22:26 karolherbst: optnal for fp32 but required for fp64
22:28 karolherbst: I mean.. maybe we should go for the minimum unless there comes up a good reason we have to start caring
22:30 karolherbst: but that still leaves us with the fdiv/sqrt problem :)
22:31 jekstrand: karolherbst: Yeah, we likely need some amount of fixup
22:31 jekstrand: But I don't know that that implies new opcodes.
22:32 karolherbst: right.. that's why I was thinking we just want to have some modifiers on the alu instructions like exact
22:32 karolherbst: just a bit different
22:33 karolherbst: mhhh... maybe we want to make .exact a bitfield instead and opt_algebraic just & WHATEVER_FLAG so it stays cheap?
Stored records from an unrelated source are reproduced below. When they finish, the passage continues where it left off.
Section Dsmall.
Variables (D : AbGroup) (K lam : Type) (Hinf : infinite lam)
          (Hcl : supp_add_closed D K lam).

Definition Dcar : Type := {f : K -> D | small_supp lam f}.
Definition Dzero : Dcar := exist _ (fun _ => zero) (@small_zero D K lam Hinf).
Definition Dadd (f g : Dcar) : Dcar :=
  exist _ (fun i => add (proj1_sig f i) (proj1_sig g i))
        (Hcl (proj2_sig f) (proj2_sig g)).
Definition Dopp (f : Dcar) : Dcar :=
  exist _ (fun i => opp (proj1_sig f i)) (small_opp (proj2_sig f)).

Lemma Dcar_ext (f g : Dcar) : (forall i, proj1_sig f i = proj1_sig g i) -> f = g.
Proof.
  destruct f as [f Hf], g as [g Hg]; simpl; intro E.
  apply functional_extensionality in E; subst g.
  f_equal; apply proof_irrelevance.
Qed.

Definition Dsmall : AbGroup.
Proof.
  refine (@mkAb Dcar Dzero Dadd Dopp _ _ _ _);
    intros; apply Dcar_ext; intro i; simpl.
  - apply addA.
  - apply addC.
  - apply add0.
  - apply addN.
Defined.
End Dsmall.
Arguments Dsmall : clear implicits.

From Stdlib Require Import Classical ClassicalEpsilon FunctionalExtensionality PropExtensionality ProofIrrelevance.
From mathcomp Require boolp classical_sets.

(* Since D^lambda_{<lambda} is a retract of D^kappa_{<lambda}, it is local. Hence every
   xi in L(D^alpha_{<lambda}) has, for each embedding e of lambda into alpha, coordinates
   in D^lambda_{<lambda}: the preimage under the unit of L(restriction along e)(xi). The
   coordinate at i depends only on the point e(i) of alpha, which defines a function
   rho(xi) : alpha -> D. Its support is smaller than lambda, since an embedding of lambda
   into the support would give coordinates of full support. Thus rho is a homomorphism
   retracting the unit of D^alpha_{<lambda}, which is therefore local. *)

Set Implicit Arguments.
(* G (a set of isometries) is closed in Isom(T,d) for the topology of
   uniform convergence on compact subsets: every isometry f lying in the
   closure of G (every basic neighbourhood {h | sup_K d(h,f) < eps} of f
   meets G) belongs to G. *)
Definition ucc_closed (T : Type) (d : T -> T -> R) (G : (T -> T) -> Prop) : Prop :=
  forall f, isometry d f ->
    (forall K, mcompact d K -> forall eps, 0 < eps ->
       exists g, G g /\ forall a, K a -> d (g a) (f a) < eps) ->
    G f.

Definition nonprincipal_ultrafilter (om : (nat -> Prop) -> R) : Prop :=
  (forall A, om A = 0 \/ om A = 1) /\
  om (fun _ => True) = 1 /\
  (forall A B, (forall n, A n -> B n -> False) ->
     om (fun n => A n \/ B n) = om A + om B) /\
  (forall A, (exists N, forall n, A n -> (n < N)%nat) -> om A = 0).

Definition om_as (om : (nat -> Prop) -> R) (P : nat -> Prop) : Prop := om P = 1.

Definition ulim (om : (nat -> Prop) -> R) (a : nat -> R) (L : R) : Prop :=
  forall eps, 0 < eps -> om_as om (fun n => Rabs (a n - L) < eps).

Definition adm_seq (X : nat -> Type) (d : forall n, X n -> X n -> R)
  (om : (nat -> Prop) -> R) (x : forall n, X n) (y : forall n, X n) : Prop :=
  exists M, om_as om (fun n => d n (x n) (y n) <= M).

Definition useq_equiv (X : nat -> Type) (d : forall n, X n -> X n -> R)
  (om : (nat -> Prop) -> R) (y z : forall n, X n) : Prop :=
  ulim om (fun n => d n (y n) (z n)) 0.

(* Points of the ultralimit X_omega: equivalence classes of admissible sequences *)
Record upoint (X : nat -> Type) (d : forall n, X n -> X n -> R)
  (om : (nat -> Prop) -> R) (x : forall n, X n) := UPoint {
  ucls : (forall n, X n) -> Prop;
  ucls_ok : exists y, adm_seq d om x y /\
              forall z, ucls z <-> (adm_seq d om x z /\ useq_equiv d om y z)
}.
Arguments ucls {X d om x} _ _.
22:38 vv222: Still on my Mesa 17 build, with GCC 8 and 6 I get stuck on another error: https://paste.debian.net/plain/1161781
22:38 vv222: (I can not easily test with GCC 7)
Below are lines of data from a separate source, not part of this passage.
(* Let $V$ be a finite ground set with $n=|V|$, let $f:2^V\to\mathbb{R}_{\ge 0}$ be monotone submodular, let $k\ge 1$ be an integer, and let $OPT=\max_{A\subseteq V,|A|\le k} f(A)$. Run the following randomized procedure (Algorithm 1) with threshold $\tau=\frac{OPT}{2k}$: (i) draw a random set $S\subseteq V$ containing each element independently with probability $p=4\sqrt{k/n}$, and independently partition $V$ at random into sets $V_1,\dots,V_m$ (one per machine); (ii) compute $G_0=\textsc{ThresholdGreedy}(S,\emptyset,\tau)$; (iii) for each $i=1,\dots,m$, set $R_i=\textsc{ThresholdFilter}(V_i,G_0,\tau)$ if $|G_0|<k$, and $R_i=\emptyset$ otherwise; (iv) output $G=\textsc{ThresholdGreedy}\big(\bigcup_{i=1}^m R_i,\,G_0,\,\tau\big)$. Then the approximation ratio of this algorithm is at least $1/2$; namely, for every outcome of the random choices, the output satisfies $f(G)\ge \frac12\, OPT$.
   Context: A function $f:2^V\to\mathbb{R}_{\ge0}$ is submodular if $f(A\cup\{e\})-f(A)\ge f(B\cup\{e\})-f(B)$ for all $A\subseteq B\subseteq V$ and $e\notin B$, and monotone if $f(A\cup\{e\})-f(A)\ge 0$ for all $A$ and $e\notin A$. For $A\subseteq V$ and $e\in V$ write $f_A(e)=f(A\cup\{e\})-f(A)$ (the marginal of $e$ with respect to $A$). Fix a total order on $V$; all sets are scanned in this order. $\textsc{ThresholdGreedy}(T,G,\tau)$ (for $T\subseteq V$, $G\subseteq V$ with $|G|\le k$, $\tau>0$): start with $G'=G$; scan the elements $e\in T$ in the fixed order, and whenever $f_{G'}(e)\ge\tau$ and $|G'|<k$, replace $G'$ by $G'\cup\{e\}$; return $G'$. $\textsc{ThresholdFilter}(T,G,\tau)$ returns $\{e\in T: f_G(e)\ge\tau\}$. Here $m$ is the number of machines (the paper takes $m=\sqrt{n/k}$). *)

From mathcomp Require Import all_boot all_order all_algebra.
Set Implicit Arguments. Unset Strict Implicit. Unset Printing Implicit Defensive.
Import Order.TTheory GRing.Theory Num.Theory.
Local Open Scope ring_scope.

Section Defs.
Variables (T : finType) (R : realFieldType).

Definition marg (f : {set T} -> R) (A : {set T}) (e : T) : R :=
  f (e |: A) - f A.

Definition nonneg_fun (f : {set T} -> R) : Prop := forall A : {set T}, 0 <= f A.

Definition monotone (f : {set T} -> R) : Prop :=
  forall (A : {set T}) (e : T), e \notin A -> 0 <= marg f A e.

Definition submodular (f : {set T} -> R) : Prop :=
  forall (A B : {set T}) (e : T), A \subset B -> e \notin B -> marg f B e <= marg f A e.

(* OPT = max_{|A| <= k} f(A)  (f is nonnegative, so 0 is a harmless seed) *)
Definition OPT (f : {set T} -> R) (k : nat) : R :=
  \big[Num.max/0]_(A : {set T} | (#|A| <= k)%N) f A.

Definition thresholdGreedy (ord : seq T) (f : {set T} -> R) (k : nat)
  (Ts G : {set T}) (tau : R) : {set T} :=
  foldl (fun G' e =>
           if [&& e \in Ts, tau <= marg f G' e & (#|G'| < k)%N]
           then e |: G' else G') G ord.

Definition thresholdFilter (f : {set T} -> R) (Ts G : {set T}) (tau : R)
  : {set T} := [set e in Ts | tau <= marg f G e].

(* Algorithm 1 for a fixed outcome of the randomness: the sample S and the
   machine assignment [mach] (V_i = {e | mach e = i}). *)
Definition algorithm1 (ord : seq T) (f : {set T} -> R) (k m : nat)
  (S : {set T}) (mach : T -> 'I_m) : {set T} :=
  let tau := OPT f k / (2 * k%:R) in
  let G0 := thresholdGreedy ord f k S set0 tau in
  let Rs := fun i : 'I_m =>
    if (#|G0| < k)%N then thresholdFilter f [set e | mach e == i] G0 tau
    else set0 in
  thresholdGreedy ord f k (\bigcup_(i < m) Rs i) G0 tau.
End Defs.

From mathcomp Require Import all_boot all_order all_algebra.
From mathcomp Require Import ring lra.
Set Implicit Arguments. Unset Strict Implicit. Unset Printing Implicit Defensive.
Import Order.TTheory GRing.Theory Num.Theory.
Local Open Scope ring_scope.

(** Every element accepted by ThresholdGreedy raises f by at least tau, so
    f(G) >= |G| tau, which is k tau = OPT/2 once G is full.  The machines'
    filters together form the filter of all of V, so neither the sample nor
    the partition matters.  If G is not full, no element has marginal >= tau
    w.r.t. G: the filtered elements were rejected by the last greedy pass,
    the others already failed the filter against G0 ⊆ G, and marginals only
    shrink as the set grows.  For an optimal O, submodularity then gives
    OPT <= f(G) + |O| tau <= f(G) + OPT/2. *)

Section Submodular.
Variables (T : finType) (R : realFieldType) (f : {set T} -> R).
Hypotheses (f_mono : monotone f) (f_submod : submodular f).

Lemma marg_mem0 (A : {set T}) e : e \in A -> marg f A e = 0.
Proof. by move=> eA; rewrite /marg (setUidPr _) ?subrr // sub1set. Qed.

Lemma marg_ge0 (A : {set T}) e : 0 <= marg f A e.
Proof. by have [/marg_mem0 ->|/f_mono] := boolP (e \in A). Qed.

Lemma marg_le_subset (A B : {set T}) e :
  A \subset B -> marg f B e <= marg f A e.
Proof.
move=> AB; have [eB|/(f_submod AB)//] := boolP (e \in B).
by rewrite marg_mem0 // marg_ge0.
Qed.

Lemma f_le_subset (A B : {set T}) : A \subset B -> f A <= f B.
Proof.
move=> /setUidPr <-; rewrite -[B]set_enum; elim: (enum B) => [|e s IH].
  by rewrite set_nil setU0.
by rewrite set_cons setUCA (le_trans IH) // -subr_ge0 marg_ge0.
Qed.

Lemma f_setU_le_sum (A B : {set T}) :
  f (A :|: B) <= f A + \sum_(e in B) marg f A e.
Proof.
rewrite -(big_enum +%R) -{1}(set_enum B); elim: (enum B) => [|e s IH].
  by rewrite big_nil addr0 set_nil setU0.
have := marg_le_subset e (subsetUl A [set x in s]).
rewrite set_cons setUCA big_cons /= /marg in IH *; lra.
Qed.

Lemma f_le_add_marg_bound (A B : {set T}) t :
  (forall e, marg f A e <= t) -> f B <= f A + t *+ #|B|.
Proof.
move=> margA; rewrite (le_trans (f_le_subset (subsetUr A B))) //.
rewrite (le_trans (f_setU_le_sum A B)) // lerD2l -sumr_const.
exact: ler_sum.
Qed.

End Submodular.

Arguments thresholdGreedy : simpl never.

Section ThresholdGreedy.
Variables (T : finType) (R : realFieldType) (f : {set T} -> R).
Variables (k : nat) (tau : R) (Ts : {set T}).

Lemma thresholdGreedy_cons x (ord : seq T) (G : {set T}) :
  thresholdGreedy (x :: ord) f k Ts G tau =
  thresholdGreedy ord f k Ts
    (if [&& x \in Ts, tau <= marg f G x & (#|G| < k)%N] then x |: G else G) tau.
Proof. by []. Qed.

Lemma thresholdGreedy_sub (ord : seq T) (G : {set T}) :
  G \subset thresholdGreedy ord f k Ts G tau.
Proof.
elim: ord G => [|x s IH] G //=; rewrite thresholdGreedy_cons.
by apply: subset_trans (IH _); case: ifP => _ //; apply: subsetUr.
Qed.

Lemma thresholdGreedy_mulrn_card_le (ord : seq T) (G : {set T}) :
  tau *+ #|G| <= f G ->
  tau *+ #|thresholdGreedy ord f k Ts G tau| <= f (thresholdGreedy ord f k Ts G tau).
Proof.
elim: ord G => [|x s IH] G // fG; rewrite thresholdGreedy_cons.
apply: IH; case: ifP => // /and3P[_ tau_le _].
have [xG|xG] := boolP (x \in G); first by rewrite (setUidPr _) // sub1set.
by rewrite cardsU1 xG add1n mulrS; move: tau_le; rewrite /marg; lra.
Qed.

(** An element is rejected either for a small marginal, which only shrinks
    as the set grows, or because the set is already full. *)
Lemma thresholdGreedy_marg_lt (ord : seq T) (G : {set T}) :
  monotone f -> submodular f -> 0 < tau ->
  (#|thresholdGreedy ord f k Ts G tau| < k)%N ->
  forall x, x \in ord -> x \in Ts -> marg f (thresholdGreedy ord f k Ts G tau) x < tau.
Proof.
move=> f_mono f_submod tau_gt0.
elim: ord G => [|y s IH] G G'_lt x; first by rewrite in_nil.
rewrite thresholdGreedy_cons in G'_lt *.
rewrite inE => /orP[/eqP->{x} yTs|]; last exact: IH.
case: ifP G'_lt => [_ _|/negbT].
  by rewrite marg_mem0 // (subsetP (thresholdGreedy_sub _ _)) // setU11.
rewrite yTs /= negb_and -ltNge -leqNgt => /orP[marg_lt|k_le] G'_lt.
  exact: le_lt_trans (marg_le_subset f_mono f_submod y (thresholdGreedy_sub _ _)) marg_lt.
by have := leq_ltn_trans (subset_leq_card (thresholdGreedy_sub _ _)) G'_lt; rewrite ltnNge k_le.
Qed.

End ThresholdGreedy.

Lemma bigcup_thresholdFilter (T : finType) (R : realFieldType)
    (f : {set T} -> R) m (mach : T -> 'I_m) (G : {set T}) tau :
  \bigcup_(i < m) thresholdFilter f [set e | mach e == i] G tau
  = thresholdFilter f setT G tau.
Proof.
apply/setP => e; rewrite !inE; apply/bigcupP/idP => [[i _]|tau_le].
  by rewrite !inE => /andP[].
by exists (mach e); rewrite // !inE eqxx.
Qed.

Lemma thresholdGreedy_filter_marg_lt (T : finType) (R : realFieldType)
    (f : {set T} -> R) (ord : seq T) k (G0 : {set T}) tau :
  monotone f -> submodular f -> 0 < tau -> (forall e, e \in ord) ->
  let G := thresholdGreedy ord f k (thresholdFilter f setT G0 tau) G0 tau in
  (#|G| < k)%N -> forall e, marg f G e < tau.
Proof.
move=> f_mono f_submod tau_gt0 ord_all G G_lt e.
have [eR|eR] := boolP (e \in thresholdFilter f setT G0 tau).
  exact: thresholdGreedy_marg_lt.
apply: le_lt_trans (marg_le_subset f_mono f_submod e (thresholdGreedy_sub _ _ _ _ _ _)) _.
by move: eR; rewrite !inE ltNge.
Qed.

Theorem lemma1 (T : finType) (R : realFieldType) (f : {set T} -> R) (k : nat)
  (ord : seq T) (m : nat) (S : {set T}) (mach : T -> 'I_m) :
  (1 <= k)%N ->
  nonneg_fun f -> monotone f -> submodular f ->
  uniq ord -> (forall x : T, x \in ord) ->
  (* support of the sample: when p = 4 sqrt(k/n) >= 1, i.e. 16k >= n, S = V *)
  ((#|T| <= 16 * k)%N -> S = setT) ->
  f (algorithm1 ord f k S mach) >= OPT f k / 2.
Proof.
move=> k_gt0 f_ge0 f_mono f_submod _ ord_all _.
rewrite /algorithm1; set tau := OPT f k / (2 * k%:R).
set G0 := thresholdGreedy ord f k S set0 tau.
have [OPT_le0|OPT_gt0] := lerP (OPT f k) 0; first by apply: le_trans _ (f_ge0 _); lra.
have k_gt0R : (0 : R) < k%:R by rewrite ltr0n.
have tau_gt0 : 0 < tau by rewrite divr_gt0 // mulr_gt0.
have tau_k : tau *+ k = OPT f k / 2.
  by rewrite -mulr_natr /tau; field; rewrite gt_eqF.
have G0_ge : tau *+ #|G0| <= f G0.
  by apply: thresholdGreedy_mulrn_card_le; rewrite cards0 mulr0n f_ge0.
have full_ge Ts : let G := thresholdGreedy ord f k Ts G0 tau in
    (k <= #|G|)%N -> OPT f k / 2 <= f G.
  move=> G k_le; have G_ge : tau *+ #|G| <= f G by apply: thresholdGreedy_mulrn_card_le.
  by rewrite -tau_k (le_trans _ G_ge) // ler_pMn2l.
have [G0_full|_] := leqP k #|G0|.
  by apply: full_ge; exact: leq_trans G0_full (subset_leq_card (thresholdGreedy_sub _ _ _ _ _ _)).
rewrite bigcup_thresholdFilter; set G := thresholdGreedy _ _ _ _ _ _.
have [/full_ge//|G_lt] := leqP k #|G|.
have margG := thresholdGreedy_filter_marg_lt f_mono f_submod tau_gt0 ord_all G_lt.
suff : OPT f k <= f G + OPT f k / 2 by lra.
apply: bigmax_le => [|O O_le]; first by have := f_ge0 G; lra.
rewrite -tau_k (le_trans (f_le_add_marg_bound f_mono f_submod O (fun e => ltW (margG e)))) //.
by rewrite lerD2l ler_pMn2l.
Qed.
22:39 karolherbst: ehh... I think that was fixed by adding an include or something
22:39 karolherbst: vv222: or just disable llvmpipe
22:40 vv222: That would be done through a ./configure option?
22:40 karolherbst: yeah
22:40 karolherbst: just disable swrats as a gallium driver
22:40 karolherbst: *swrast
22:41 vv222: OK, I think I see how to do that ;)
23:18 vv222: Hmm, I’m still getting this "implicit declaration" in gallivm/lp_bld_init.c after the addition of `--with-gallium-drivers=r300,r600 --with-dri-drivers=r200,radeon`
23:47 vv222: Looks like I found the missing include, I’m going to try that: https://bugs.freedesktop.org/show_bug.cgi?id=111077#c12
23:51 kisak: vv222: hopefully you're not trying to build legacy mesa against current-era llvm. That's an exercise in pain for no gain
23:52 vv222: I’m most probably doing that, without knowing this is a huge mistake ;)
23:53 vv222: But the environment system it is going to be tested in uses an up-to-date llvm, can I still build against an old one?
23:56 kisak: I don't have enough experience fiddling with Debian to know how that is handled. Over in gentoo's portage, I can just swap out the system llvm and nothing complains
23:57 vv222: You’re right, I see I can even have multiple versions of llvm installed together with no issue.